Bev sips her coffee and remembers the tarot reading she and Trudy went to decades ago over in Prescott. It was a lark; neither of them believed in that sort of falderal, as Tru called it. The psychic wore a gauzy shirt with no bra, providing a clear view of her nipples under the dim red light of a room that reeked of patchouli. You’re both seeking a soulmate, she told Bev and Trudy, who laughed when they said they were married. The psychic peered at them with sharp eyes. People marry the wrong people all the time, she said. But I’m not telling either of you something you don’t already know, am I? Less than a year later, during a Girls’ Weekend down in Bangor, Bev and Trudy kissed in a corner booth of a low-lit hotel bar, and finally they saw it all so clearly.

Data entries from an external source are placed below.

Lemma PR_app1 (h : nat -> nat) n x :
  PR 1 (fun a => h (v 0 a)) -> PR n x -> PR n (fun a => h (x a)).
Proof. intros Hh Hx. apply (PR_comp1 n _ x Hh Hx). Qed.
Lemma PR_app2 (h : nat -> nat -> nat) n x y :
  PR 2 (fun a => h (v 0 a) (v 1 a)) -> PR n x -> PR n y -> PR n (fun a => h (x a) (y a)).
Proof. intros Hh Hx Hy. apply (PR_comp2 n _ x y Hh Hx Hy). Qed.
Lemma PR_app3 (h : nat -> nat -> nat -> nat) n x y z :
  PR 3 (fun a => h (v 0 a) (v 1 a) (v 2 a)) -> PR n x -> PR n y -> PR n z ->
  PR n (fun a => h (x a) (y a) (z a)).
Proof. intros Hh Hx Hy Hz. apply (PR_comp3 n _ x y z Hh Hx Hy Hz). Qed.

Lemma args1 (a : list nat) : length a = 1 -> a = [v 0 a].
Proof. destruct a as [|x [|]]; simpl; intros; try discriminate; reflexivity. Qed.
Lemma args2 (a : list nat) : length a = 2 -> a = [v 0 a; v 1 a].
Proof. destruct a as [|x [|y [|]]]; simpl; intros; try discriminate; reflexivity. Qed.
Lemma args3 (a : list nat) : length a = 3 -> a = [v 0 a; v 1 a; v 2 a].
Proof. destruct a as [|x [|y [|z [|]]]]; simpl; intros; try discriminate; reflexivity. Qed.

Lemma PR_const n c : PR n (fun _ => c).
Proof. induction c. apply PR_zero. apply (PR_succ n (fun _ => c)); auto. Qed.

Definition ite (c x y : nat) : nat := match c with 0 => y | _ => x end.

Lemma ite_nz c x y : c <> 0 -> ite c x y = x.
Proof. destruct c; simpl; congruence. Qed.

Lemma PR_ite n c x y : PR n c -> PR n x -> PR n y -> PR n (fun a => ite (c a) (x a) (y a)).
Proof.
  apply PR_app3. eapply PR_ext.
  - apply (PR_rec 2 (v 1) (v 2)); apply PR_proj; lia.
  - intros a Ha. rewrite (args3 a Ha). unfold v; simpl. destruct (nth 0 a 0); reflexivity.
Qed.

Lemma PR_add n f g : PR n f -> PR n g -> PR n (fun a => f a + g a).
Proof.
  apply PR_app2. eapply PR_ext.
  - apply (PR_rec 1 (v 0) (fun a => S (v 1 a))); [|apply PR_succ]; apply PR_proj; lia.
  - intros a Ha. rewrite (args2 a Ha). unfold v; simpl. induction (nth 0 a 0); simpl; auto.
Qed.

Lemma PR_mul n f g : PR n f -> PR n g -> PR n (fun a => f a * g a).
Proof.
  apply PR_app2. eapply PR_ext.
  - apply (PR_rec 1 (fun _ => 0) (fun a => v 1 a + v 2 a)).
    + apply PR_zero.
    + apply PR_add; apply PR_proj; lia.
  - intros a Ha. rewrite (args2 a Ha). unfold v; simpl.
    induction (nth 0 a 0) as [|k IH]; simpl; auto. rewrite IH. unfold v. simpl. lia.
Qed.

Lemma PR_pred n f : PR n f -> PR n (fun a => pred (f a)).
Proof.
  apply PR_app1. eapply PR_ext.
  - apply (PR_rec 0 (fun _ => 0) (v 0)). apply PR_zero. apply PR_proj; lia.
  - intros a Ha. rewrite (args1 a Ha). unfold v; simpl. destruct (nth 0 a 0); reflexivity.
Qed.

Lemma PR_iter (h : nat -> nat) :
  PR 1 (fun a => h (v 0 a)) -> PR 2 (fun a => Nat.iter (v 0 a) h (v 1 a)).
Proof.
  intros Hh. eapply PR_ext.
  - apply (PR_rec 1 (v 0) (fun a => h (v 1 a))).
    + apply PR_proj; lia.
    + apply PR_app1; auto. apply PR_proj; lia.
  - intros a Ha. rewrite (args2 a Ha). unfold v; simpl.
    induction (nth 0 a 0) as [|k IH]; simpl; congruence.
Qed.

Lemma PR_sub n f g : PR n f -> PR n g -> PR n (fun a => f a - g a).
Proof.
  intros Hf Hg. eapply PR_ext.
  - apply (PR_app2 (fun k x => Nat.iter k pred x) n g f); auto.
    apply PR_iter, PR_pred, PR_proj; lia.
  - intros a _. cbn. generalize (f a). induction (g a) as [|k IH]; intros x; simpl.
    + lia.
    + rewrite IH. lia.
Qed.

Lemma PR_pow2 n f : PR n f -> PR n (fun a => 2 ^ f a).
Proof.
  apply PR_app1. eapply PR_ext.
  - apply (PR_rec 0 (fun _ => 1) (fun a => v 1 a + v 1 a)).
    + apply PR_const.
    + apply PR_add; apply PR_proj; lia.
  - intros a Ha. rewrite (args1 a Ha). unfold v; simpl.
    induction (nth 0 a 0) as [|k IH]; simpl; auto. rewrite IH. unfold v; simpl. lia.
Qed.

(** [tri w] is the [w]-th triangular number; [cpair x y = y + tri (x + y)]. *)
Definition tri (w : nat) : nat := nat_rec (fun _ => nat) 0 (fun i m => S i + m) w.

Lemma cpair_tri x y : cpair x y = y + tri (y + x).
Proof. reflexivity. Qed.

Lemma PR_tri n f : PR n f -> PR n (fun a => tri (f a)).
Proof.
  apply PR_app1. eapply PR_ext.
  - apply (PR_rec 0 (fun _ => 0) (fun a => S (v 0 a) + v 1 a)).
    + apply PR_const.
    + apply PR_add; [apply PR_succ|]; apply PR_proj; lia.
  - intros a Ha. rewrite (args1 a Ha). unfold v; simpl.
    induction (nth 0 a 0); simpl; auto.
Qed.
(* The numbers $P_{1^{-1}2^{1}3^{-1}4^{-1}6^{3}12^{-1}}(n)$, defined by $\sum_{n\ge0}P_{1^{-1}2^{1}3^{-1}4^{-1}6^{3}12^{-1}}(n)q^n=\frac{f_2f_6^3}{f_1f_3f_4f_{12}}$, form a $3$-convolutive sequence.
   Context: $f_i:=(q^i;q^i)_\infty=\prod_{k\ge1}(1-q^{ik})$. A sequence $(a_n)_{n\ge0}$ is $m$-convolutive if $\sum_{n\ge0}a_{mn}q^n=\big(\sum_{n\ge0}a_nq^n\big)^m$. *)

From mathcomp Require Import all_boot all_algebra.
Set Implicit Arguments. Unset Strict Implicit. Unset Printing Implicit Defensive.
Import GRing.Theory.
Local Open Scope ring_scope.

Definition series := nat -> int.

Definition smul (a b : series) : series :=
  fun n => \sum_(i < n.+1) a i * b (n - i)%N.

Definition sone : series := fun n => (n == 0%N)%:R.

Definition one_minus_qk (k : nat) : series :=
  fun n => if n == 0%N then 1 else if n == k then -1 else 0.

(* 1/(1 - q^k) = sum_j q^(k j)  (for k >= 1) *)
Definition inv_one_minus_qk (k : nat) : series :=
  fun n => if (k %| n)%N then 1 else 0.

(* Partial products: prod_{k=1}^{M} (1 - q^{ik}) = f_i truncated, and its inverse. *)
Definition f_part (i M : nat) : series :=
  foldr smul sone [seq one_minus_qk (i * k) | k <- iota 1 M].
Definition finv_part (i M : nat) : series :=
  foldr smul sone [seq inv_one_minus_qk (i * k) | k <- iota 1 M].

Definition gen_part (M : nat) : series :=
  smul (f_part 2 M) (smul (f_part 6 M) (smul (f_part 6 M) (smul (f_part 6 M)
    (smul (finv_part 1 M) (smul (finv_part 3 M) (smul (finv_part 4 M) (finv_part 12 M))))))).
(* Let $G$ be a vigorous approximately full subgroup of $\operatorname{Homeo}(\mathfrak{C})$. Then $G$ is strongly approximately full. Consequently, for vigorous subgroups of $\operatorname{Homeo}(\mathfrak{C})$, being approximately full and being strongly approximately full are equivalent.
   Context: $\mathfrak{C}$ denotes a Cantor space (a space homeomorphic to $\{0,1\}^\omega$). Groups of homeomorphisms act on the right. $K_{\mathfrak{C}}$ denotes the set of non-empty proper clopen subsets of $\mathfrak{C}$. For $\gamma\in\operatorname{Homeo}(\mathfrak{C})$, $\operatorname{supp}(\gamma)=\{p\in\mathfrak{C}: p\gamma\neq p\}$. A subset $S\subseteq \operatorname{Homeo}(\mathfrak{C})$ is vigorous if for all clopen $A,B,C\subseteq\mathfrak{C}$ with $B,C$ non-empty proper subsets of $A$ there is $\gamma\in S$ with $\operatorname{supp}(\gamma)\subseteq A$ and $B\gamma\subseteq C$. $G$ is approximately full if whenever $\Gamma\subseteq G$ is finite, $\{D_\gamma\}_{\gamma\in\Gamma}$ is a partition of $\mathfrak{C}$ into clopen sets such that $\{D_\gamma\gamma\}_{\gamma\in\Gamma}$ is also a partition of $\mathfrak{C}$, and $\delta\in\Gamma$, there exists $\chi\in G$ with $\chi|_{D_\gamma}=\gamma|_{D_\gamma}$ for every $\gamma\in\Gamma\setminus\{\delta\}$. $G$ is strongly approximately full if for all $D,R\in K_{\mathfrak{C}}$, every finite $\Gamma\subseteq G$ and every partition $\{D_\gamma\}_{\gamma\in\Gamma}$ of $D$ into clopen sets such that $\{D_\gamma\gamma\}_{\gamma\in\Gamma}$ is a partition of $R$, there exists $\chi\in G$ with $\chi|_{D_\gamma}=\gamma|_{D_\gamma}$ for every $\gamma\in\Gamma$. *)

From HB Require Import structures.
From mathcomp Require Import all_boot all_order all_algebra.
From mathcomp Require Import all_classical all_reals all_analysis.
Set Implicit Arguments. Unset Strict Implicit. Unset Printing Implicit Defensive.
Local Open Scope classical_set_scope.

Notation CS := cantor_space.

(* Homeomorphisms of the Cantor space (p gamma is written [gamma p];
   the right action convention only affects the order of composition). *)
Definition homeo (f : CS -> CS) : Prop :=
  exists g : CS -> CS, [/\ cancel f g, cancel g f, continuous f & continuous g].

Definition homeo_subgroup (G : set (CS -> CS)) : Prop :=
  [/\ (forall f, G f -> homeo f),
      G id,
      (forall f g, G f -> G g -> G (g \o f)) &
      (forall f, G f -> exists2 h, G h & cancel f h /\ cancel h f)].

Definition supp (f : CS -> CS) : set CS := [set p | f p <> p].

Definition KC (A : set CS) : Prop := [/\ clopen A, A !=set0 & A <> setT].

Definition vigorous (S : set (CS -> CS)) : Prop :=
  forall A B C : set CS, clopen A -> clopen B -> clopen C ->
    B `<=` A -> B !=set0 -> B <> A ->
    C `<=` A -> C !=set0 -> C <> A ->
    exists2 g, S g & supp g `<=` A /\ g @` B `<=` C.

Definition clopen_partition (Gam : set (CS -> CS)) (P : (CS -> CS) -> set CS)
    (X : set CS) : Prop :=
  [/\ (forall g, Gam g -> clopen (P g)),
      (forall g, Gam g -> P g !=set0),
      (forall g h, Gam g -> Gam h -> g <> h -> P g `&` P h = set0) &
      \bigcup_(g in Gam) P g = X].

Definition approximately_full (G : set (CS -> CS)) : Prop :=
  forall (Gam : set (CS -> CS)) (D : (CS -> CS) -> set CS) (d : CS -> CS),
    finite_set Gam -> Gam `<=` G ->
    clopen_partition Gam D setT ->
    clopen_partition Gam (fun g => g @` D g) setT ->
    Gam d ->
    exists2 chi, G chi &
      forall g, Gam g -> g <> d -> forall x, D g x -> chi x = g x.

Definition strongly_approximately_full (G : set (CS -> CS)) : Prop :=
  forall (Dom R : set CS) (Gam : set (CS -> CS)) (D : (CS -> CS) -> set CS),
    KC Dom -> KC R ->
    finite_set Gam -> Gam `<=` G ->
    clopen_partition Gam D Dom ->
    clopen_partition Gam (fun g => g @` D g) R ->
    exists2 chi, G chi &
      forall g, Gam g -> forall x, D g x -> chi x = g x.

From mathcomp Require Import all_boot all_order all_algebra.
From mathcomp Require Import all_classical all_reals all_analysis.
Set Implicit Arguments. Unset Strict Implicit. Unset Printing Implicit Defensive.
Local Open Scope classical_set_scope.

“Ridiculous things can be true,” Bev tells Angela.
“Like God? Because Momma believes in him, too.”
“I can’t speak to that.”
Angela falls quiet, seeming to consider this as she stares at the scuffed toes of her clogs. After a couple minutes, she throws her empty cup in the trash, then starts digging through the paperwork and catalogues on Jo’s desk until she finds the beach-themed calendar for 1996. She pulls the old one from the wall, hangs the new one in its place.
“Just in case,” she says.
Something on Angela’s face—desire fighting against what might be despair, or fear, or loneliness—makes Bev feel the same protectiveness she experiences whenever Sophie grabs her hand during the scary parts of her cartoon movies. The same way she used to feel during Nate’s childhood whenever he would ask if lightning could strike the tree outside his bedroom and send it crashing through the roof.
Bev wishes she could give Angela a hug. Sensing that would be the wrong thing right now, she decides instead to ask her something she didn’t ask Bridget enough before she died.